Exercise directions>
Using the data beneath this instruction, retype only the lines from the one that contains "apply (is_lim_seq_ext (fun n => 1" down to the one that contains "(** * The expected number of induced trees *)", both included, exactly as they appear.

Stored entries:
(* Let $\Lambda=k(\Gamma,\mathcal{A})$ be a generalized path algebra without relations. Let $i\in\Gamma_0$, $1\le j\le s_i$, and let $((M_l)_{l\in\Gamma_0},(\phi_\alpha)_{\alpha\in\Gamma_1})$ be the representation of the indecomposable injective $I(i,j)=D(\Lambda\overline{e_{ij}})$. Then: - $M_i=I_i^j=D(A_ie_{ij})$; - for $l\ne i$, $M_l\cong(D A_l)^{n_l}$ as $A_l$-modules, where $$n_l=\sum_{\gamma:\,l=i_0\to i_1\to\cdots\to i_r=i}(\dim_kA_{i_1})\cdots(\dim_kA_{i_{r-1}})(\dim_kI_i^j),$$ summed over all paths $\gamma$ from $l$ to $i$ in $\Gamma$. In particular $M_l=0$ if there is no path from $l$ to $i$.
   Context: $k$ is an algebraically closed field, $\Gamma$ a finite acyclic quiver, and $\mathcal{A}=\{A_i:i\in\Gamma_0\}$ finite-dimensional basic $k$-algebras. The generalized path algebra $k(\Gamma,\mathcal{A})$ is spanned by $\mathcal{A}$-paths $a_1\beta_1\cdots a_n\beta_na_{n+1}$ ($\beta_1\cdots\beta_n$ a path of $\Gamma$, $a_i\in A_{s(\beta_i)}$, $a_{n+1}\in A_{e(\beta_n)}$), modulo multilinearity, with concatenation product (multiplying adjacent algebra entries, or $0$ if paths don't compose). For each $i$, $\{e_{i1},\dots,e_{is_i}\}$ is a complete set of primitive pairwise orthogonal idempotents of $A_i$, and $\overline{e_{ij}}$ is the class of $e_{ij}$ in $\Lambda$. $D=\operatorname{Hom}_k(-,k)$. The representation of a right $\Lambda$-module $X$ has $X_l=X\cdot1_l$ ($1_l$ the identity of $A_l$) and $\phi_\alpha(x)=x\alpha$. *)

From HB Require Import structures.
From mathcomp Require Import all_boot all_order all_algebra all_field.
Set Implicit Arguments. Unset Strict Implicit. Unset Printing Implicit Defensive.
Import GRing.Theory.
Lemma is_lim_seq_stirling_err : is_lim_seq stirling_err stirling_const.
Proof.
  apply is_lim_seq_incr_1.
  destruct ex_finite_lim_stirling_err as [l Hl].
  assert (Hprod : is_lim_seq (fun n => ln ((2 * INR (S n) + 1) * central_binom_scaled (S n) ^ 2))
                    (ln (2 / PI))).
  { apply is_lim_seq_continuous; [apply continuity_pt_ln, Rdiv_lt_0_compat; pose proof PI_RGT_0; lra |].
    apply (is_lim_seq_le_le (fun _ => 2 / PI) _ (fun n => 2 / PI * (1 + 1 / (2 * INR (S n) + 1))));
      [intros n; apply wallis_product_bounds | apply is_lim_seq_const |].
    replace (Finite (2 / PI)) with (Finite (2 / PI * (1 + 0))) by (f_equal; ring).
    apply is_lim_seq_mult', is_lim_seq_plus';
      [apply is_lim_seq_const | apply is_lim_seq_const | apply is_lim_seq_inv_affine_INR; lra]. }
  assert (Hrhs : is_lim_seq (fun n => ln (2 + 1 / INR (S n)) + ln 2
                   + 2 * stirling_err (2 * S n) - 4 * stirling_err (S n))
                   (ln 2 + ln 2 + 2 * l - 4 * l)).
  { apply is_lim_seq_minus'; [apply is_lim_seq_plus'; [apply is_lim_seq_plus' |] |].
    - apply (is_lim_seq_continuous ln (fun n => 2 + 1 / INR (S n)) 2); [apply continuity_pt_ln; lra |].
      replace (Finite 2) with (Finite (2 + 0)) by (f_equal; ring).
      apply is_lim_seq_plus'; [apply is_lim_seq_const |].
      apply (is_lim_seq_ext (fun n => 1 / (1 * INR (S n) + 0))); [intros; f_equal; ring |].
      apply is_lim_seq_inv_affine_INR; lra.
    - apply is_lim_seq_const.
    - apply is_lim_seq_mult'; [apply is_lim_seq_const |].
      apply (is_lim_seq_ext (fun n => stirling_err (S (2 * n + 1)))); [intros; f_equal; lia |].
      apply (is_lim_seq_subseq (fun n => stirling_err (S n)) _ (fun n => 2 * n + 1)%nat); [| exact Hl].
      apply eventually_subseq. intros; lia.
    - apply is_lim_seq_mult'; [apply is_lim_seq_const | exact Hl]. }
  assert (Hl_eq : ln (2 / PI) = ln 2 + ln 2 + 2 * l - 4 * l).
  { apply is_lim_seq_unique in Hprod, Hrhs.
    assert (E : Finite (ln (2 / PI)) = Finite (ln 2 + ln 2 + 2 * l - 4 * l)).
    { rewrite <- Hprod, <- Hrhs. apply Lim_seq_ext. intros n. apply ln_wallis_product. lia. }
    now injection E. }
  replace stirling_const with l; [exact Hl |].
  unfold stirling_const. pose proof PI_RGT_0.
  rewrite ln_div in Hl_eq by lra. rewrite ln_mult by lra. lra.
Qed.

(** * The expected number of induced trees *)

Definition falling_ratio (N k : nat) : R := INR (fact N) / (INR (fact (N - k)) * INR N ^ k).

Lemma falling_ratio_0 (N : nat) : falling_ratio N 0 = 1.
Proof.
  unfold falling_ratio. rewrite Nat.sub_0_r. simpl.
  pose proof (INR_fact_pos N). field. lra.
Qed.

Lemma falling_ratio_succ (N k : nat) : (S k <= N)%nat ->
  falling_ratio N (S k) = falling_ratio N k * (1 - INR k / INR N).
Proof.
  intros Hk. unfold falling_ratio.
  assert (HN : 0 < INR N) by (apply lt_0_INR; lia).
  replace (N - k)%nat with (S (N - S k)) by lia.
  change (fact (S (N - S k))) with (S (N - S k) * fact (N - S k))%nat.
  rewrite mult_INR, S_INR, minus_INR by lia. rewrite S_INR.
  pose proof (INR_fact_pos (N - S k)).
  assert (INR k + 1 <= INR N) by (rewrite <- S_INR; apply le_INR; lia).
  simpl pow. field. repeat split; try lra. apply pow_nonzero. lra.
Qed.
Lemma mpoly_ring_ind (Pr : mpoly.mpoly n R -> Prop) :
  (forall c : R, Pr (mpoly.mpolyC n c)) -> (forall i, Pr 'X_i) ->
  (forall P Q, Pr P -> Pr Q -> Pr (P + Q)) ->
  (forall P Q, Pr P -> Pr Q -> Pr (P * Q)) ->
  forall P, Pr P.
Proof.
move=> PrC PrX PrD PrM.
have Pr1 : Pr 1 by rewrite -mpoly.mpolyC1.
have PrXm mm : Pr (mpoly.mpolyX R mm).
  rewrite mpoly.mpolyXE_id; apply: big_ind => // i _.
  by elim: (mpoly.fun_of_multinom mm i) => [|k IHk]; rewrite ?expr0 ?exprS; auto.
elim/mpoly.mpolyind => [|c mm Q _ _ PrQ]; first by rewrite -mpoly.mpolyC0.
by apply: PrD => //; rewrite -mpoly.mul_mpolyC; apply: PrM.
Qed.

Lemma polyfunC (c : R) : polyfun (mpoly.mpolyC n c) = fun=> c.
Proof. by apply/funext => y; apply: mpoly.mevalC. Qed.

Lemma polyfunX i : polyfun 'X_i = fun y => y 0 i.
Proof. by apply/funext => y; apply: mpoly.mevalXU. Qed.

Lemma polyfunD P Q : polyfun (P + Q) = fun y => polyfun P y + polyfun Q y.
Proof. by apply/funext => y; apply: mpoly.mevalD. Qed.

Lemma polyfunM P Q : polyfun (P * Q) = fun y => polyfun P y * polyfun Q y.
Proof. by apply/funext => y; apply: mpoly.mevalM. Qed.

Lemma is_derive_polyfun i P y :
  is_derive y (evec R i) (polyfun P) (polyfun (mpoly.mderiv i P) y).
Proof.
move: y; elim/mpoly_ring_ind: P => [c|j|P Q IHP IHQ|P Q IHP IHQ] y.
- by rewrite mpoly.mderivC polyfunC /polyfun mpoly.meval0; apply: is_derive_cstf.
- rewrite polyfunX; apply: (is_derive_eq (is_derive_coord j y (evec R i))).
  rewrite evecE mpoly.mderivX mpoly.mnm1E /polyfun mpoly.mevalZ.
  have [->|ji] := eqVneq j i; last by rewrite mul0r.
  rewrite mul1r mpoly.mevalX big1 // => k _.
  by rewrite mpoly.mnmBE subnn expr0.
- rewrite polyfunD mpoly.mderivD /polyfun mpoly.mevalD.
  exact: is_derive_addf.
- rewrite polyfunM; apply: (is_derive_eq (is_derive_mulf (IHP y) (IHQ y))).
  by rewrite mpoly.mderivM /polyfun mpoly.mevalD !mpoly.mevalM addrC mulrC.
Qed.

Lemma continuous_polyfun P : continuous (polyfun P).
Proof.
elim/mpoly_ring_ind: P => [c|i|P Q cP cQ|P Q cP cQ].
- by rewrite polyfunC; apply: cst_continuous.
- by rewrite polyfunX; apply: coord_continuous.
- by rewrite polyfunD => y; apply: continuousD (cP y) (cQ y).
- by rewrite polyfunM => y; apply: continuousM (cP y) (cQ y).
Qed.

Lemma sqnorm_polyfun : @sqnorm R n = polyfun (\sum_i 'X_i * 'X_i).
Proof.
apply/funext => y; rewrite /polyfun (big_morph _ (mpoly.mevalD _) (mpoly.meval0 _)).
by apply: eq_bigr => i _; rewrite mpoly.mevalM mpoly.mevalXU.
Qed.

Lemma continuous_sqnorm : continuous (@sqnorm R n).
Proof. by rewrite sqnorm_polyfun; apply: continuous_polyfun. Qed.

Lemma sqr_polyfun_lt_sqnormXn_near m P x :
  polyfun P x ^+ 2 < sqnorm x ^+ m ->
  \forall y \near x, polyfun P y ^+ 2 < sqnorm y ^+ m.
Proof.
pose gap := (\sum_i 'X_i * 'X_i) ^+ m - P ^+ 2.
have gapE y : polyfun gap y = sqnorm y ^+ m - polyfun P y ^+ 2.
  by rewrite sqnorm_polyfun /polyfun mpoly.mevalB !rmorphXn.
rewrite -subr_gt0 -gapE => /(cvgr_gt _ (@continuous_polyfun gap x)).
by apply: filterS => y; rewrite gapE subr_gt0.
Qed.

Lemma mpolyX_euler (mm : mpoly.multinom n) :
  \sum_i 'X_i * mpoly.mderiv i (mpoly.mpolyX R mm)
  = (mpoly.mdeg mm)%:R *: mpoly.mpolyX R mm.
Proof.
rewrite mpoly.mdegE natr_sum scaler_suml; apply: eq_bigr => i _.
rewrite mpoly.mderivX -scalerAr.
have [->|mi0] := eqVneq (mpoly.fun_of_multinom mm i) 0%N; first by rewrite !scale0r.
congr (_ *: _); rewrite -mpoly.mpolyXD; congr (mpoly.mpolyX R _).
apply/mpoly.mnmP => j; rewrite mpoly.mnmDE mpoly.mnmBE mpoly.mnm1E.
by have [<-|] := eqVneq i j; rewrite ?subn0 // add1n subn1 prednK // lt0n.
Qed.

Task solution>
      apply (is_lim_seq_ext (fun n => 1 / (1 * INR (S n) + 0))); [intros; f_equal; ring |].
      apply is_lim_seq_inv_affine_INR; lra.
    - apply is_lim_seq_const.
    - apply is_lim_seq_mult'; [apply is_lim_seq_const |].
      apply (is_lim_seq_ext (fun n => stirling_err (S (2 * n + 1)))); [intros; f_equal; lia |].
      apply (is_lim_seq_subseq (fun n => stirling_err (S n)) _ (fun n => 2 * n + 1)%nat); [| exact Hl].
      apply eventually_subseq. intros; lia.
    - apply is_lim_seq_mult'; [apply is_lim_seq_const | exact Hl]. }
  assert (Hl_eq : ln (2 / PI) = ln 2 + ln 2 + 2 * l - 4 * l).
  { apply is_lim_seq_unique in Hprod, Hrhs.
    assert (E : Finite (ln (2 / PI)) = Finite (ln 2 + ln 2 + 2 * l - 4 * l)).
    { rewrite <- Hprod, <- Hrhs. apply Lim_seq_ext. intros n. apply ln_wallis_product. lia. }
    now injection E. }
  replace stirling_const with l; [exact Hl |].
  unfold stirling_const. pose proof PI_RGT_0.
  rewrite ln_div in Hl_eq by lra. rewrite ln_mult by lra. lra.
Qed.

(** * The expected number of induced trees *)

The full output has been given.